RT1复现(四)

RT1复现(四)

这部分工作是测试部分,language-table测试有5个任务,测试过程随机生成颜色形状块,然后生成相对应的指令,每个任务有对应的成功标准,比如多少m之内就算成功

Language-Table中定义了五个模拟评估任务系列(涵盖了696个独特的任务条件),每个任务系列都有一个手动定义的成功标准:

  • block2block: 推一个块到另一个块。成功是源块和目标块之间的阈值距离。有56个唯一的任务条件(8个源块x7个目标块)。

  • block2abs: 将一个块推到板上的绝对位置:左上角、中上、右上角、左中、中心、右中、左下角、中下、右下角。成功是块和目标位置之间的阈值距离。有72个唯一的任务条件(8个块x9个位置)。

  • block2rel: 将一个块推到相对偏移的位置:左、右、上、下、左上、右上、左下、右下。成功是块和不可见目标偏移位置之间的阈值距离。有64个唯一的任务条件(8个块x8个偏移方向)。

  • block2blockrel: 将一个块推到另一个块的相对偏移位置:左侧、右侧、顶部、底部、左上侧、右上侧、左下侧、右下侧。成功是源块和目标块的不可见目标偏移位置之间的阈值距离。有448个唯一的任务条件(8个源块x7个目标块x8个偏移方向)。

  • separate: 将两个块分开。成功是两个块之间的阈值距离。有56个唯一的任务条件(8个源块x7个目标块)。

下载language-table项目

git clone https://github.com/google-research/language-table.git

然后需要修改eval/weappers.py

# coding=utf-8
# Copyright 2023 The Language Tale Authors.
#
# Licensed under the Apache License, Version 2.0 (the "License");
# you may not use this file except in compliance with the License.
# You may obtain a copy of the License at
#
#     http://www.apache.org/licenses/LICENSE-2.0
#
# Unless required by applicable law or agreed to in writing, software
# distributed under the License is distributed on an "AS IS" BASIS,
# WITHOUT WARRANTIES OR CONDITIONS OF ANY KIND, either express or implied.
# See the License for the specific language governing permissions and
# limitations under the License.

"""Environment wrappers."""

from typing import Any, Optional

from language_table.common import rt1_tokenizer
import numpy as np
import tensorflow as tf
from tf_agents.environments import wrappers


class UseTokenWrapper(wrappers.PyEnvironmentBaseWrapper):
  """Environment wrapper that adds CLIP tokens to the obs."""

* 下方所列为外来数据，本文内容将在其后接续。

(* For all $k\in\mathbb N$, all $n>k$ and all irrational $x\in(0,1)$, $$|\delta_k(T^{n-k}x)-\delta_n(x)|<-\log(1-2^{-k/2}).$$
   Context: $T:(0,1)\to[0,1)$ is the Gauss map $T(x)=\{1/x\}$ (fractional part of $1/x$). For irrational $x\in(0,1)$ with continued fraction expansion $[a_1,a_2,\ldots]$, $q_n(x)$ is the denominator (in lowest terms) of the $n$-th convergent $p_n/q_n=[a_1,\ldots,a_n]$, and $\delta_n(x)=\log q_n(x)+\sum_{j=0}^{n-1}\log(T^jx)$, with $\log$ the natural logarithm. *)

From Stdlib Require Import Reals.
Open Scope R_scope.

(* floor: Int_part y = up y - 1 is the integer part (floor) of y. *)
Definition frac (y : R) : R := y - IZR (Int_part y).

Definition gauss (x : R) : R := frac (/ x).

Fixpoint iterT (j : nat) (x : R) : R :=
  match j with
  | O => x
  | S j' => gauss (iterT j' x)
  end.

(* cf_digit x j = a_{j+1}(x) = floor (1 / T^j x) *)
Definition cf_digit (x : R) (j : nat) : R := IZR (Int_part (/ iterT j x)).

(* qpair n x = (q_n(x), q_{n-1}(x)), via q_{-1}=0, q_0=1,
   q_n = a_n q_{n-1} + q_{n-2}. *)
Fixpoint qpair (n : nat) (x : R) : R * R :=
  match n with
  | O => (1, 0)
  | S m => let (q, q') := qpair m x in (cf_digit x m * q + q', q)
  end.

Definition cf_q (n : nat) (x : R) : R := fst (qpair n x).

Fixpoint logsum (n : nat) (x : R) : R :=
  match n with
  | O => 0
  | S m => logsum m x + ln (iterT m x)
  end.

  def __init__(self, env, context_length = 77):
    """Centrally crops an image from a dict observation."""
    super(UseTokenWrapper, self).__init__(env)
    self._context_length = context_length
    # vocab_lookup = clip_tokenizer.create_vocab()
    # self._tokenizer = clip_tokenizer.ClipTokenizer(vocab_lookup)
    self._current_tokens = None

  def _reset(self):
    time_step = self._env.reset()
    self._current_tokens = self._tokenize(time_step.observation['instruction'])
    new_obs = time_step.observation
    new_obs['instruction_tokenized_use'] = self._current_tokens
    return time_step._replace(observation=new_obs)

  def _step(self, action):
    time_step = self._env.step(action)
    new_obs = time_step.observation
    new_obs['instruction_tokenized_use'] = tf.convert_to_tensor(self._current_tokens)
    return time_step._replace(observation=new_obs)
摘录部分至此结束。